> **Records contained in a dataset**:
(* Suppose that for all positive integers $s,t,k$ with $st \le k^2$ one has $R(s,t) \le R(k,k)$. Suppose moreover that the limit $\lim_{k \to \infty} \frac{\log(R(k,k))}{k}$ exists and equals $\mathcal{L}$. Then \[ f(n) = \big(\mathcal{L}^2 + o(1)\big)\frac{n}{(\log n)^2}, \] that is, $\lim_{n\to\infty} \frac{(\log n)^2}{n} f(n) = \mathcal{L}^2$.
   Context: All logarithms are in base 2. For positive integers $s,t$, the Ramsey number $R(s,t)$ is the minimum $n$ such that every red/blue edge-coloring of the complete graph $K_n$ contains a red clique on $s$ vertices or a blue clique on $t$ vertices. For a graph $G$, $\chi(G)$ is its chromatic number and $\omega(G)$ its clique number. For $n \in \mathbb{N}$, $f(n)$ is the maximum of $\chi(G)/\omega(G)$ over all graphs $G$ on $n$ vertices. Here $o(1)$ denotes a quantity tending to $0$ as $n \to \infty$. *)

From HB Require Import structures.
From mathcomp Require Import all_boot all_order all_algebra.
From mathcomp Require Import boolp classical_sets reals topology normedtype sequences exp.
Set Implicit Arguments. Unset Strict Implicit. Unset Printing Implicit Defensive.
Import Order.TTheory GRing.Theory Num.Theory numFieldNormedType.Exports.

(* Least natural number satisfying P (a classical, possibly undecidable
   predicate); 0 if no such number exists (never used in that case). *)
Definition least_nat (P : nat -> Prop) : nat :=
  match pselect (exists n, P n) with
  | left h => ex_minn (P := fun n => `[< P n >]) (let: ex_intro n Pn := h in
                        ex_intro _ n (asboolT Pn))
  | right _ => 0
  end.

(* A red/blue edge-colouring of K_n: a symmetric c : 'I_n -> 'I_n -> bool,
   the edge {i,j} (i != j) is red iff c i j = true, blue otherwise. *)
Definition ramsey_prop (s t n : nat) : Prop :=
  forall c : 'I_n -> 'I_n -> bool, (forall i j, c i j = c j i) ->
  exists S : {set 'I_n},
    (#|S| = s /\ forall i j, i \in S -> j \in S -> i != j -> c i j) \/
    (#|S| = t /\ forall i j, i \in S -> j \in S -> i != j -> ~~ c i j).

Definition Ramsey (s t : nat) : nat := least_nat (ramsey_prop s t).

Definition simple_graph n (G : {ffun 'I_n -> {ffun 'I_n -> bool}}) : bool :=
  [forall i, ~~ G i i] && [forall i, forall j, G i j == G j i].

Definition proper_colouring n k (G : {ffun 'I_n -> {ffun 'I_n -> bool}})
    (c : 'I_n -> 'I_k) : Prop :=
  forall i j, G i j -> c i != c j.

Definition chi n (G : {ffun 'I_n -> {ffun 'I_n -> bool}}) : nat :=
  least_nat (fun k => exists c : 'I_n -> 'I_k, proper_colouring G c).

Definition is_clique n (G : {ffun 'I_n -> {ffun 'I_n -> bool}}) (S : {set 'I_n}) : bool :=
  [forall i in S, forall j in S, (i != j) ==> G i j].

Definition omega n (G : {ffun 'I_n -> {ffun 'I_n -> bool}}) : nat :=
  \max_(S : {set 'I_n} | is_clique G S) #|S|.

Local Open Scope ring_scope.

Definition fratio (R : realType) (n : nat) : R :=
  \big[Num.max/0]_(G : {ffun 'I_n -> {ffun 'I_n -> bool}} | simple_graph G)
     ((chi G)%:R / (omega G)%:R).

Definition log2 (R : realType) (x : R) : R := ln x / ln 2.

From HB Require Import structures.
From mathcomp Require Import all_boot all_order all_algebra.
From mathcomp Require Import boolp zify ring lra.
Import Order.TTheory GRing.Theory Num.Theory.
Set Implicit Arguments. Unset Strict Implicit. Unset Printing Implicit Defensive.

> **Work request**:
A faithful copy of every record is required; output it in full.

> **Written answer**:
(* Suppose that for all positive integers $s,t,k$ with $st \le k^2$ one has $R(s,t) \le R(k,k)$. Suppose moreover that the limit $\lim_{k \to \infty} \frac{\log(R(k,k))}{k}$ exists and equals $\mathcal{L}$. Then \[ f(n) = \big(\mathcal{L}^2 + o(1)\big)\frac{n}{(\log n)^2}, \] that is, $\lim_{n\to\infty} \frac{(\log n)^2}{n} f(n) = \mathcal{L}^2$.
   Context: All logarithms are in base 2. For positive integers $s,t$, the Ramsey number $R(s,t)$ is the minimum $n$ such that every red/blue edge-coloring of the complete graph $K_n$ contains a red clique on $s$ vertices or a blue clique on $t$ vertices. For a graph $G$, $\chi(G)$ is its chromatic number and $\omega(G)$ its clique number. For $n \in \mathbb{N}$, $f(n)$ is the maximum of $\chi(G)/\omega(G)$ over all graphs $G$ on $n$ vertices. Here $o(1)$ denotes a quantity tending to $0$ as $n \to \infty$. *)

From HB Require Import structures.
From mathcomp Require Import all_boot all_order all_algebra.
From mathcomp Require Import boolp classical_sets reals topology normedtype sequences exp.
Set Implicit Arguments. Unset Strict Implicit. Unset Printing Implicit Defensive.
Import Order.TTheory GRing.Theory Num.Theory numFieldNormedType.Exports.

(* Least natural number satisfying P (a classical, possibly undecidable
   predicate); 0 if no such number exists (never used in that case). *)
Definition least_nat (P : nat -> Prop) : nat :=
  match pselect (exists n, P n) with
  | left h => ex_minn (P := fun n => `[< P n >]) (let: ex_intro n Pn := h in
                        ex_intro _ n (asboolT Pn))
  | right _ => 0
  end.

(* A red/blue edge-colouring of K_n: a symmetric c : 'I_n -> 'I_n -> bool,
   the edge {i,j} (i != j) is red iff c i j = true, blue otherwise. *)
Definition ramsey_prop (s t n : nat) : Prop :=
  forall c : 'I_n -> 'I_n -> bool, (forall i j, c i j = c j i) ->
  exists S : {set 'I_n},
    (#|S| = s /\ forall i j, i \in S -> j \in S -> i != j -> c i j) \/
    (#|S| = t /\ forall i j, i \in S -> j \in S -> i != j -> ~~ c i j).

Definition Ramsey (s t : nat) : nat := least_nat (ramsey_prop s t).

Definition simple_graph n (G : {ffun 'I_n -> {ffun 'I_n -> bool}}) : bool :=
  [forall i, ~~ G i i] && [forall i, forall j, G i j == G j i].

Definition proper_colouring n k (G : {ffun 'I_n -> {ffun 'I_n -> bool}})
    (c : 'I_n -> 'I_k) : Prop :=
  forall i j, G i j -> c i != c j.

Definition chi n (G : {ffun 'I_n -> {ffun 'I_n -> bool}}) : nat :=
  least_nat (fun k => exists c : 'I_n -> 'I_k, proper_colouring G c).

Definition is_clique n (G : {ffun 'I_n -> {ffun 'I_n -> bool}}) (S : {set 'I_n}) : bool :=
  [forall i in S, forall j in S, (i != j) ==> G i j].

Definition omega n (G : {ffun 'I_n -> {ffun 'I_n -> bool}}) : nat :=
  \max_(S : {set 'I_n} | is_clique G S) #|S|.

Local Open Scope ring_scope.

Definition fratio (R : realType) (n : nat) : R :=
  \big[Num.max/0]_(G : {ffun 'I_n -> {ffun 'I_n -> bool}} | simple_graph G)
     ((chi G)%:R / (omega G)%:R).

Definition log2 (R : realType) (x : R) : R := ln x / ln 2.

From HB Require Import structures.
From mathcomp Require Import all_boot all_order all_algebra.
From mathcomp Require Import boolp zify ring lra.
Import Order.TTheory GRing.Theory Num.Theory.
Set Implicit Arguments. Unset Strict Implicit. Unset Printing Implicit Defensive.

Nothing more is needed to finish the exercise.